What is being asked:
Copy every record below exactly as it stands.

++++++++++

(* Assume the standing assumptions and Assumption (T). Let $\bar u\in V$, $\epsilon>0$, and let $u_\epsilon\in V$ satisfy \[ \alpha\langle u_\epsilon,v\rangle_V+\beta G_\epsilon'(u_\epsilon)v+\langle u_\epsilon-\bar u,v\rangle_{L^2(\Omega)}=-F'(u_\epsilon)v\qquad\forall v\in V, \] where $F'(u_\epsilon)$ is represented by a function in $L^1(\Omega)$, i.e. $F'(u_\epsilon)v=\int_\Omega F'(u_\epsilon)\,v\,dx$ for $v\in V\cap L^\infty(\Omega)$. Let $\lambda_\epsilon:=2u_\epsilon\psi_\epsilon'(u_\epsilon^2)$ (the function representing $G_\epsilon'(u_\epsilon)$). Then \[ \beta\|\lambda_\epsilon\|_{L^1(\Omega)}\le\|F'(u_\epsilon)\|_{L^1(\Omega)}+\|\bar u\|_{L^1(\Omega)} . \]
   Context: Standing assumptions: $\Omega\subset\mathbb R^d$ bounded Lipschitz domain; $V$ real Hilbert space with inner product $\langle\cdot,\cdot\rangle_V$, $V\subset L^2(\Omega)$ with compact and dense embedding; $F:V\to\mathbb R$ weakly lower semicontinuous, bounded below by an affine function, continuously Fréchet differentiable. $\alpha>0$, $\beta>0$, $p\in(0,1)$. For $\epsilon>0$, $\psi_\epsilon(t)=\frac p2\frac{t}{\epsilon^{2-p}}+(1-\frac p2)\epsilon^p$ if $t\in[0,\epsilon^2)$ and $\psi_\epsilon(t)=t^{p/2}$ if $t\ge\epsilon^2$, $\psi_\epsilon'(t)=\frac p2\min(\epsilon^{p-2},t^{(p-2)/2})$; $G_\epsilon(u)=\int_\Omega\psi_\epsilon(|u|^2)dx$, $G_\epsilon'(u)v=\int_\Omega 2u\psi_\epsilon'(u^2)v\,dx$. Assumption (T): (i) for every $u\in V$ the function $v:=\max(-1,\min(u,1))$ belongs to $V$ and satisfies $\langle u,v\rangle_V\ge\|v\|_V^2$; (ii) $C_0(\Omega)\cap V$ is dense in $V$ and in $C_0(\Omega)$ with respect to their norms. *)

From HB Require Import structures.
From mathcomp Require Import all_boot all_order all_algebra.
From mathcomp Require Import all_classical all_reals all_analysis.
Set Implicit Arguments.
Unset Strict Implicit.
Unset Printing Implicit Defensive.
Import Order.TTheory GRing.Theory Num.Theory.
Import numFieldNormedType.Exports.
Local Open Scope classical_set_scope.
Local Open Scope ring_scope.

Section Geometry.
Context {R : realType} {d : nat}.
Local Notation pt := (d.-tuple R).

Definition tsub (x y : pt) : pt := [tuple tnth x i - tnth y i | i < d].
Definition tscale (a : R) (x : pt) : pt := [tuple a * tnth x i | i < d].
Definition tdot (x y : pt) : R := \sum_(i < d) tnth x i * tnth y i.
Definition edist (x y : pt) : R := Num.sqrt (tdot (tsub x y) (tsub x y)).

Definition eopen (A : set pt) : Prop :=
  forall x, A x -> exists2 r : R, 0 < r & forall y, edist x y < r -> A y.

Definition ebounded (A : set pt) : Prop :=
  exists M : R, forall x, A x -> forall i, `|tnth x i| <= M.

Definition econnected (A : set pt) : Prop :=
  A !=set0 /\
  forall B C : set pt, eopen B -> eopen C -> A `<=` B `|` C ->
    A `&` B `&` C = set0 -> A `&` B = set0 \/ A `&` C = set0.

++++++++++

Result:
(* Assume the standing assumptions and Assumption (T). Let $\bar u\in V$, $\epsilon>0$, and let $u_\epsilon\in V$ satisfy \[ \alpha\langle u_\epsilon,v\rangle_V+\beta G_\epsilon'(u_\epsilon)v+\langle u_\epsilon-\bar u,v\rangle_{L^2(\Omega)}=-F'(u_\epsilon)v\qquad\forall v\in V, \] where $F'(u_\epsilon)$ is represented by a function in $L^1(\Omega)$, i.e. $F'(u_\epsilon)v=\int_\Omega F'(u_\epsilon)\,v\,dx$ for $v\in V\cap L^\infty(\Omega)$. Let $\lambda_\epsilon:=2u_\epsilon\psi_\epsilon'(u_\epsilon^2)$ (the function representing $G_\epsilon'(u_\epsilon)$). Then \[ \beta\|\lambda_\epsilon\|_{L^1(\Omega)}\le\|F'(u_\epsilon)\|_{L^1(\Omega)}+\|\bar u\|_{L^1(\Omega)} . \]
   Context: Standing assumptions: $\Omega\subset\mathbb R^d$ bounded Lipschitz domain; $V$ real Hilbert space with inner product $\langle\cdot,\cdot\rangle_V$, $V\subset L^2(\Omega)$ with compact and dense embedding; $F:V\to\mathbb R$ weakly lower semicontinuous, bounded below by an affine function, continuously Fréchet differentiable. $\alpha>0$, $\beta>0$, $p\in(0,1)$. For $\epsilon>0$, $\psi_\epsilon(t)=\frac p2\frac{t}{\epsilon^{2-p}}+(1-\frac p2)\epsilon^p$ if $t\in[0,\epsilon^2)$ and $\psi_\epsilon(t)=t^{p/2}$ if $t\ge\epsilon^2$, $\psi_\epsilon'(t)=\frac p2\min(\epsilon^{p-2},t^{(p-2)/2})$; $G_\epsilon(u)=\int_\Omega\psi_\epsilon(|u|^2)dx$, $G_\epsilon'(u)v=\int_\Omega 2u\psi_\epsilon'(u^2)v\,dx$. Assumption (T): (i) for every $u\in V$ the function $v:=\max(-1,\min(u,1))$ belongs to $V$ and satisfies $\langle u,v\rangle_V\ge\|v\|_V^2$; (ii) $C_0(\Omega)\cap V$ is dense in $V$ and in $C_0(\Omega)$ with respect to their norms. *)

From HB Require Import structures.
From mathcomp Require Import all_boot all_order all_algebra.
From mathcomp Require Import all_classical all_reals all_analysis.
Set Implicit Arguments.
Unset Strict Implicit.
Unset Printing Implicit Defensive.
Import Order.TTheory GRing.Theory Num.Theory.
Import numFieldNormedType.Exports.
Local Open Scope classical_set_scope.
Local Open Scope ring_scope.

Section Geometry.
Context {R : realType} {d : nat}.
Local Notation pt := (d.-tuple R).

Definition tsub (x y : pt) : pt := [tuple tnth x i - tnth y i | i < d].
Definition tscale (a : R) (x : pt) : pt := [tuple a * tnth x i | i < d].
Definition tdot (x y : pt) : R := \sum_(i < d) tnth x i * tnth y i.
Definition edist (x y : pt) : R := Num.sqrt (tdot (tsub x y) (tsub x y)).

Definition eopen (A : set pt) : Prop :=
  forall x, A x -> exists2 r : R, 0 < r & forall y, edist x y < r -> A y.

Definition ebounded (A : set pt) : Prop :=
  exists M : R, forall x, A x -> forall i, `|tnth x i| <= M.

Definition econnected (A : set pt) : Prop :=
  A !=set0 /\
  forall B C : set pt, eopen B -> eopen C -> A `<=` B `|` C ->
    A `&` B `&` C = set0 -> A `&` B = set0 \/ A `&` C = set0.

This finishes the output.